Unnamed: 0,Model,Accuracy,AUC,Recall,Prec.,F1,Kappa,MCC,TT (Sec)
lightgbm,Light Gradient Boosting Machine,0.9917,0.9935,0.9917,0.9952,0.9925,0.893,0.9072,0.21
ada,Ada Boost Classifier,0.9896,0.9625,0.9896,0.9863,0.9875,0.7484,0.7565,0.128
gbc,Gradient Boosting Classifier,0.9896,0.9479,0.9896,0.9863,0.9875,0.7484,0.7565,0.165
dt,Decision Tree Classifier,0.9875,0.8479,0.9875,0.9822,0.9844,0.6484,0.6565,0.084
et,Extra Trees Classifier,0.9875,0.9926,0.9875,0.9816,0.9834,0.5972,0.6099,0.154
nb,Naive Bayes,0.9834,0.9957,0.9834,0.9879,0.9845,0.7299,0.7495,0.082
rf,Random Forest Classifier,0.9813,0.9957,0.9813,0.9713,0.9755,0.4293,0.4378,0.174
lr,Logistic Regression,0.975,0.9894,0.975,0.9834,0.9777,0.5996,0.6241,1.533
qda,Quadratic Discriminant Analysis,0.9689,0.6474,0.9689,0.9389,0.9537,0.0,0.0,0.072
ridge,Ridge Classifier,0.9669,0.985,0.9669,0.986,0.9734,0.6705,0.7149,0.075


## 🔍 Model Comparison Results
We used PyCaret's `compare_models()` function to automatically train and evaluate several algorithms.

📈 Top performers based on **accuracy, F1-score, and precision**:
- 🥇 **LightGBM** - Accuracy: 0.9917, F1: 0.9925, Kappa: 0.893
- AdaBoost and Gradient Boosting were also strong but slightly lower



In [7]:
# 📊 Evaluate best model
evaluate_model(best_model)

interactive(children=(ToggleButtons(description='Plot Type:', icons=('',), options=(('Pipeline Plot', 'pipelin…

## 📉 Visual Model Evaluation
Using `evaluate_model()`, we opened PyCaret's built-in model dashboard.

This let us explore:
- ROC and AUC curves
- Confusion matrix
- Feature importance
- Model pipeline stages

✅ All visual tools showed LightGBM handled both engagement classes well.


In [8]:
# 📈 Show prediction results and metrics
predict_model(best_model)
results = pull()
results

Unnamed: 0,Model,Accuracy,AUC,Recall,Prec.,F1,Kappa,MCC
0,Light Gradient Boosting Machine,0.9903,0.9764,0.9903,0.9903,0.9903,0.8284,0.8284


Unnamed: 0,Model,Accuracy,AUC,Recall,Prec.,F1,Kappa,MCC
0,Light Gradient Boosting Machine,0.9903,0.9764,0.9903,0.9903,0.9903,0.8284,0.8284


## ✅ Summary
This model used PyCaret and SMOTE to address class imbalance by merging the smallest class ('Low') into 'Medium'. The resulting model performs better across both categories.

### 📊 Final Model Metrics
Using `predict_model()` and `pull()`, we evaluated our model on unseen test data.

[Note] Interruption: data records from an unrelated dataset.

Set Implicit Arguments.
Unset Strict Implicit.
Unset Printing Implicit Defensive.
Local Open Scope list_scope.

(* Sd i t : latent state dimension s_{i,t};  A t : action a_t;
   O t : observation o_t;  Rw t : reward r_t;
   Ret t : discounted cumulative reward R_t = sum_{t'>=t} gamma^(t'-t) r_{t'}. *)
Inductive node (d : nat) : Type :=
| Sd of 'I_d & nat
| A of nat
| O of nat
| Rw of nat
| Ret of nat.

Arguments A {d}. Arguments O {d}. Arguments Rw {d}. Arguments Ret {d}.

Section Graph.
Variable d : nat.
Notation node := (node d).
Implicit Types (G : node -> node -> Prop) (X Y Z : node -> Prop).

Definition adj G (u v : node) : Prop := G u v \/ G v u.

Definition anc_of G Z (v : node) : Prop :=
  exists w, clos_refl_trans node G v w /\ Z w.

Fixpoint is_walk G (p : list node) : Prop :=
  match p with
  | x :: ((y :: _) as q) => adj G x y /\ is_walk G q
  | _ => True
  end.

Fixpoint active_interior G Z (p : list node) : Prop :=
  match p with
  | x :: ((y :: z :: _) as q) =>
      ((G x y /\ G z y) -> anc_of G Z y) /\
      (~ (G x y /\ G z y) -> ~ Z y) /\
      active_interior G Z q
  | _ => True
  end.

Definition d_connected G X Y Z : Prop :=
  exists (x : node) (p : list node),
    X x /\ Y (List.last p x) /\ List.NoDup (x :: p) /\
    is_walk G (x :: p) /\ active_interior G Z (x :: p).

Definition d_separated G X Y Z : Prop := ~ d_connected G X Y Z.

Definition disjoint3 X Y Z : Prop :=
  (forall v, X v -> Y v -> False) /\ (forall v, X v -> Z v -> False) /\
  (forall v, Y v -> Z v -> False).

(* An independence model  indep X Y Z  ("X is independent of Y given Z"
   in the distribution of the measured data) is Markov / faithful w.r.t. G. *)
Definition markov G (indep : (node -> Prop) -> (node -> Prop) -> (node -> Prop) -> Prop) :=
  forall X Y Z, disjoint3 X Y Z -> d_separated G X Y Z -> indep X Y Z.

Definition faithful G (indep : (node -> Prop) -> (node -> Prop) -> (node -> Prop) -> Prop) :=
  forall X Y Z, disjoint3 X Y Z -> indep X Y Z -> d_separated G X Y Z.

Definition in_a G (i : 'I_d) (t : nat) : Prop :=
  match t with 0 => False | t'.+1 => G (A t') (Sd i t) end.

Definition in_r G (i : 'I_d) (t : nat) : Prop :=
  clos_trans node G (Sd i t) (Rw t).

Definition in_ar G i t := in_a G i t /\ in_r G i t.
Definition in_nar G i t := ~ in_a G i t /\ in_r G i t.
Definition in_anr G i t := in_a G i t /\ ~ in_r G i t.
Definition in_nanr G i t := ~ in_a G i t /\ ~ in_r G i t.

(* Edges allowed by the context ("these edges and no others"):
   a_{t-1} -> s^{ar}_t, s^{a r-bar}_t;  s^r_{t-1} -> s^r_t;  s_{t-1} -> s^{r-bar}_t;
   s_t -> o_t;  s^r_t -> r_t;  s^r_t -> a_t;  r_{t'} -> R_t (t' >= t, nonzero weight). *)
Definition allowed_edge G (gamma : R) (u v : node) : Prop :=
  match u, v with
  | A t, Sd _ t' => t' = t.+1
  | Sd j t, Sd i t' => t' = t.+1 /\ (in_r G i t' -> in_r G j t)
  | Sd _ t, O t' => t' = t
  | Sd _ t, Rw t' => t' = t
  | Sd i t, A t' => t' = t /\ in_r G i t
  | Rw t', Ret t => (t <= t')%N /\ (t' = t \/ gamma <> 0%R)
  | _, _ => False
  end.

Definition env_graph G (gamma : R) : Prop :=
  (forall u v, G u v -> allowed_edge G gamma u v) /\
  (forall t t', G (Rw t') (Ret t) <-> ((t <= t')%N /\ (t' = t \/ gamma <> 0%R))).

Definition single (x : node) : node -> Prop := fun v => v = x.

(* a_{t-1:t} together with s^r_{t-1}, for current time t.+1 *)
Definition cond_R G (t : nat) : node -> Prop :=
  fun v => v = A t \/ v = A t.+1 \/ exists j, v = Sd j t /\ in_r G j t.

(* s_{t-1} (all dimensions), for current time t.+1 *)
Definition cond_a (t : nat) : node -> Prop :=
  fun v => exists j, v = Sd j t.

End Graph.

(* Under the Markov and faithfulness assumptions each (in)dependence in the
   statement is the corresponding d-connection, so both conditions are
   graphical.  The edge a_t -> s_{i,t+1} is itself a path that is active given
   s_t.  Without it, an active walk from s_{i,t+1} either moves forward into
   the strict future of a_t, which is closed under edges and misses s_t (so the
   walk can never turn there at a collider), or steps back into s_t as a
   non-collider and is blocked; hence it never reaches a_t.  Likewise, a
   directed path from s_{i,t+1} to r_{t+1} can only be the edge itself, and
   s_{i,t+1} -> r_{t+1} -> R_{t+1} is active given a_{t:t+1}, s^r_t.  Without
   it, every active walk stays in the history up to time t or in the
   edge-closed set of non-reward future states, and neither contains R_{t+1}.
   The discount factor matters only through the edge r_{t+1} -> R_{t+1}. *)

From mathcomp Require Import ssreflect ssrfun ssrbool eqtype ssrnat fintype.
From mathcomp Require Import zify.
From Stdlib Require Import Reals Relations Lia Classical.
From Stdlib Require List.

Set Implicit Arguments.
Unset Strict Implicit.
Unset Printing Implicit Defensive.
Local Open Scope list_scope.

Lemma indep_iff_d_separated d (G : node d -> node d -> Prop) indep X Y Z :
  markov G indep -> faithful G indep -> disjoint3 X Y Z ->
  (indep X Y Z <-> d_separated G X Y Z).
Proof. by move=> hM hF hXYZ; split; [exact: hF | exact: hM]. Qed.

Lemma d_connected_edge d (G : node d -> node d -> Prop) Z x y :
  x <> y -> adj G x y -> d_connected G (single x) (single y) Z.
Proof.
move=> xy Gxy; exists x, (y :: nil); do 2!split=> //.
split; last done.
by constructor; [case=> // /esym | repeat constructor].
Qed.

Lemma d_connected_chain d (G : node d -> node d -> Prop) (Z : node d -> Prop) x y z :
  List.NoDup (x :: y :: z :: nil) -> G x y -> G y z -> ~ G z y -> ~ Z y ->
  d_connected G (single x) (single z) Z.
Proof.
move=> uniq Gxy Gyz nGzy nZy; exists x, (y :: z :: nil); do 3!split=> //.
split; first by split; [left | split; [left |]].
by split=> [[_ /nGzy] //|].
Qed.

Section Confinement.

Variables (d : nat) (G : node d -> node d -> Prop) (Z Q P : node d -> Prop).

Hypothesis G_asym : forall u v, G u v -> G v u -> False.
Hypothesis Q_closed : forall u v, G u v -> Q u -> Q v.
Hypothesis Q_Z : forall v, Q v -> ~ Z v.

Lemma closed_not_anc v : Q v -> ~ anc_of G Z v.
Proof.
move=> Qv [w [vw Zw]]; apply: (Q_Z _ Zw).
by elim: vw Qv => [x y /Q_closed | // | x y z _ IHxy _ IHyz /IHxy /IHyz].
Qed.

Definition confined (u v : node d) : Prop := (G u v /\ Q v) \/ P v \/ (Z v /\ G v u).

Hypothesis P_step :
  forall y z, P y -> adj G y z -> (G y z -> ~ Z y) -> confined y z.

Lemma confined_step x y z :
  confined x y -> adj G y z ->
  (G x y /\ G z y -> anc_of G Z y) -> (~ (G x y /\ G z y) -> ~ Z y) ->
  confined y z.
Proof.
move=> cxy yz collider noncollider.
case: cxy => [[Gxy Qy] | [Py | [Zy Gyx]]].
- case: yz => [Gyz | Gzy]; first by left; split; last exact: Q_closed Gyz Qy.
  by case: (closed_not_anc Qy (collider (conj Gxy Gzy))).
- apply: P_step => // Gyz; apply: noncollider => -[_ /(G_asym Gyz)] [].
- by case: (noncollider (fun '(conj Gxy _) => G_asym Gxy Gyx) Zy).
Qed.

Lemma active_walk_confined w p x y :
  is_walk G (x :: y :: p) -> active_interior G Z (x :: y :: p) ->
  confined x y -> exists u, confined u (List.last (y :: p) w).
Proof.
elim: p x y => [|z p IH] x y; first by move=> _ _ cxy; exists x.
move=> [_ walk] [collider [noncollider active]] cxy.
apply: (IH y z walk active); exact: confined_step cxy (proj1 walk) collider noncollider.
Qed.

Lemma d_separated_of_confined x (Y : node d -> Prop) :
  ~ Y x -> (forall y, adj G x y -> confined x y) ->
  (forall y, Y y -> ~ Q y /\ ~ P y /\ ~ Z y) ->
  d_separated G (single x) Y Z.
Proof.
move=> nYx start avoid [_ [[|y p] [-> [Yend [_ [walk active]]]]]]; first exact: nYx.
have [u cuy] := active_walk_confined x walk active (start y (proj1 walk)).
have [nQ [nP nZ]] := avoid _ Yend.
by case: cuy => [[_ /nQ] | [/nP | [/nZ]]].
Qed.

End Confinement.

Section EnvironmentGraph.

Variables (d : nat) (G : node d -> node d -> Prop) (gamma : R).

Hypothesis G_allowed : forall u v, G u v -> allowed_edge G gamma u v.

Lemma env_asym u v : G u v -> G v u -> False.
Proof.
move=> /G_allowed + Gvu; move: (G_allowed Gvu) => {Gvu}.
by case: u => [j t|t|t|t|t]; case: v => [k t'|t'|t'|t'|t'] //=; intuition lia.
Qed.

Lemma ret_childless t v : ~ G (Ret t) v.
Proof. by move/G_allowed; case: v. Qed.

(* R_t has parents r_t' for all t' >= t, so no rank fits it; being a sink it
   needs none. *)
Definition rank (v : node d) : nat :=
  match v with Sd _ t => 2 * t | A t | O t | Rw t => (2 * t).+1 | Ret _ => 0 end.

Definition is_ret (v : node d) : bool := if v is Ret _ then true else false.

Lemma edge_rank u v : G u v -> ~~ is_ret v -> rank u < rank v.
Proof.
move/G_allowed.
by case: u => [j t|t|t|t|t]; case: v => [k t'|t'|t'|t'|t'] //=; intuition lia.
Qed.

Lemma clos_trans_rank u v : clos_trans _ G u v -> ~~ is_ret v -> rank u < rank v.
Proof.
move=> uv; elim: (clos_trans_tn1 _ _ _ _ uv) => {uv} [y Guy | y z Gyz _ IH] nRet.
  exact: edge_rank.
have nRy : ~~ is_ret y by case: y Gyz {IH} => // t /ret_childless.
by have := IH nRy; have := edge_rank Gyz nRet; lia.
Qed.

Lemma in_r_edge i t : in_r G i t <-> G (Sd i t) (Rw t).
Proof.
split; last exact: t_step.
move=> /(clos_trans_tn1 _ _ _ _) path; move Ew: (Rw t) path => w path.
case: path Ew => [// -> | u {}w Gu /(clos_tn1_trans _ _ _ _) path Ew] //; subst w.
move: (G_allowed Gu); case: u path {Gu} => // k t' /clos_trans_rank /(_ isT) /= + tt'.
by rewrite tt'; lia.
Qed.

Definition after_action t (v : node d) : Prop :=
  match v with Sd _ t' | A t' => t < t' | _ => True end.

Lemma after_action_closed t u v : G u v -> after_action t u -> after_action t v.
Proof.
move/G_allowed.
by case: u => [j t1|t1|t1|t1|t1]; case: v => [k t2|t2|t2|t2|t2] //=; intuition lia.
Qed.

Lemma in_a_d_connected t i :
  G (A t) (Sd i t.+1) <->
  d_connected G (single (Sd i t.+1)) (single (A t)) (cond_a t).
Proof.
split=> [GAs | conn]; first exact: d_connected_edge (or_intror GAs).
apply: NNPP => nGAs; move: conn.
apply: (d_separated_of_confined (Q := after_action t) (P := fun _ => False))
  => [|||//|//|y|y ->].
- exact: env_asym.
- exact: after_action_closed.
- by move=> v + [j ev]; rewrite ev /=; lia.
- case=> [Gsy | Gys].
    by left; split=> //; apply: (after_action_closed Gsy) => /=.
  move: (G_allowed Gys); case: y Gys => [j t'|t'|t'|t'|t'] //= Gys.
    by case=> /succn_inj tt' _; subst t'; right; right; split=> //; exists j.
  by move=> /succn_inj tt'; subst t'; case: nGAs.
- by split=> [/=|]; [lia | split=> // -[]].
Qed.

Definition nonreward_future t (v : node d) : Prop :=
  match v with
  | Sd k t' => t < t' /\ ~ in_r G k t'
  | O _ => True
  | Ret t' => t' <= t
  | _ => False
  end.

Definition history t (v : node d) : Prop :=
  match v with Sd _ t' | Rw t' => t' <= t | A t' => t' < t | _ => False end.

### Final Results for LightGBM:
| Metric      | Score  |
|-------------|--------|
| Accuracy    | 0.9903 |
| Recall      | 0.9903 |
| Precision   | 0.9903 |
| F1 Score    | 0.9903 |
| Kappa       | 0.8284 |
| MCC         | 0.8284 |

The model is highly consistent and performs equally well on both classes.